Task details — Please return every line in the entries below with the word "Lemma" in it.

Collected data entries
*** Block opens ***

Lemma sech2_weighted_bounds (z : R) :
  let d := 1 - tanh z ^ 2 in
  0 <= d /\ d * (1 + z ^ 2) <= 4 /\
  Rabs z * d * (1 + z ^ 2) <= 8 /\ z ^ 2 * d * (1 + z ^ 2) <= 64.
Proof.
  intros d. pose proof (sech2_decay z) as Hdec. fold d in Hdec.
  assert (Hd : 0 <= d).
  { unfold d. rewrite sech2_eq. apply Rlt_le, Rdiv_lt_0_compat; [lra |].
    apply pow_lt. pose proof (exp_pos z). pose proof (exp_pos (- z)). lra. }
  rewrite <- (pow2_abs z). set (w := Rabs z) in *.
  assert (Hw : 0 <= w) by apply Rabs_pos.
  assert (1 + w ^ 2 <= (1 + w / 2) ^ 4) by nra.
  assert (w * (1 + w ^ 2) <= 2 * (1 + w / 2) ^ 4) by nra.
  assert (w ^ 2 * (1 + w ^ 2) <= 16 * (1 + w / 2) ^ 4) by nra.
  repeat split; nra.
Qed.

Lemma gauss_weighted_bounds (y : R) :
  let E := exp (- (y ^ 2) / 2) in
  0 < E /\ E * (1 + y ^ 2 / 2) <= 1 /\ Rabs y * E * (1 + y ^ 2 / 2) <= 4.
Proof.
  intros E. unfold E. rewrite <- (pow2_abs y). set (w := Rabs y). set (u := w ^ 2 / 2).
  assert (Hw : 0 <= w) by apply Rabs_pos.
  assert (Hu : 0 <= u) by (unfold u; pose proof (pow2_ge_0 w); lra).
  assert (HEu : exp (- (w ^ 2) / 2) * exp u = 1).
  { unfold u. rewrite <- exp_plus. replace (- (w ^ 2) / 2 + w ^ 2 / 2) with 0 by field.
    apply exp_0. }
  pose proof (exp_ge_sqr u Hu). pose proof (exp_pos u).
  pose proof (exp_pos (- (w ^ 2) / 2)).
  assert (w * (1 + u) <= 4 * (1 + u / 2) ^ 2) by (unfold u; nra).
  fold u. repeat split; nra.
Qed.

Lemma abs_mul_gauss_le_kernel (b x : R) : 0 <= b ->
  Rabs x * exp (- ((x - b) ^ 2) / 2) <= (4 + b) * sqrt 2 * cauchy_kernel (/ sqrt 2) b x.
Proof.
  intros Hb.
  assert (Hr : 0 < sqrt 2) by (apply sqrt_lt_R0; lra).
  assert (Hkernel : (4 + b) * sqrt 2 * cauchy_kernel (/ sqrt 2) b x
                    = (4 + b) / (1 + (x - b) ^ 2 / 2)).
  { unfold cauchy_kernel. rewrite Rpow_mult_distr, pow_inv, <- Rsqr_pow2, Rsqr_sqrt by lra.
    field. pose proof (pow2_ge_0 (x - b)). lra. }
  rewrite Hkernel. set (y := x - b).
  destruct (gauss_weighted_bounds y) as [HE [HE1 HEy]].
  set (E := exp (- (y ^ 2) / 2)) in *.
  assert (Hx : Rabs x <= Rabs y + b).
  { replace x with (y + b) by (unfold y; ring).
    eapply Rle_trans; [apply Rabs_triang |]. rewrite (Rabs_right b) by lra. lra. }
  apply (Rle_div_r _ _ (1 + y ^ 2 / 2)); [pose proof (pow2_ge_0 y); lra |].
  assert (0 <= E * (1 + y ^ 2 / 2)) by (apply Rmult_le_pos; pose proof (pow2_ge_0 y); lra).
  nra.
Qed.
Lemma tau_wedge_e w i X :
  tau w (wedge (e i) X) = wedge (vec1 (delta_mx 0 i *m w)) (tau w X).
Proof.
rewrite (ext_sum_ebasis X) wedge_sumr !tau_sum wedge_sumr; apply: eq_bigr => S _.
rewrite wedgeZr !tauZ wedgeZr wedge_e_ebasis tau_ebasis; congr escale.
case: (boolP (i \in S)) => iS /=.
  by rewrite tau0 (wedge_seq_mem (fun j => delta_mx 0 j *m w)) // mem_enum.
by rewrite tauZ tau_ebasis (wedge_seq_enumU1 (fun j => delta_mx 0 j *m w) iS).
Qed.

Lemma vec1_mulmx p w : vec1 (p *m w) = \sum_i escale (p 0 i) (vec1 (delta_mx 0 i *m w)).
Proof.
rewrite {1}(row_sum_delta p) mulmx_suml vec1_sum; apply: eq_bigr => i _.
by rewrite -scalemxAl vec1Z.
Qed.

Lemma tau_wedge_vec1 w p X : tau w (wedge (vec1 p) X) = wedge (vec1 (p *m w)) (tau w X).
Proof.
rewrite wedge_vec1l tau_sum vec1_mulmx wedge_suml; apply: eq_bigr => i _.
by rewrite tauZ wedgeZl tau_wedge_e.
Qed.

(* [u_j sigma_v = u_j - v_j v], and the multiple of [v] is killed by the leading [v]. *)
Lemma wedge_vec1_refl_seq v l :
  wedge (vec1 v) (wedge_seq (fun j => delta_mx 0 j *m refl_mx v) l)
  = wedge (vec1 v) (wedge_seq (fun j => delta_mx 0 j) l).
Proof.
elim: l => [|j l IH]; first by rewrite /wedge_seq !big_nil.
rewrite !wedge_seq_cons /= mulmx_refl dot_delta vec1D vec1N vec1Z.
rewrite wedgeDl wedgeNl wedgeZl wedgeDr wedgeNr wedgeZr wedge_vec1_self escaler0 subr0.
by rewrite wedge_vec1_swap IH -wedge_vec1_swap.
Qed.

*** Block closes ***

Problem solution —
Lemma sech2_weighted_bounds (z : R) :
Lemma gauss_weighted_bounds (y : R) :
Lemma abs_mul_gauss_le_kernel (b x : R) : 0 <= b ->
Lemma tau_wedge_e w i X :
Lemma vec1_mulmx p w : vec1 (p *m w) = \sum_i escale (p 0 i) (vec1 (delta_mx 0 i *m w)).
Lemma tau_wedge_vec1 w p X : tau w (wedge (vec1 p) X) = wedge (vec1 (p *m w)) (tau w X).
Lemma wedge_vec1_refl_seq v l :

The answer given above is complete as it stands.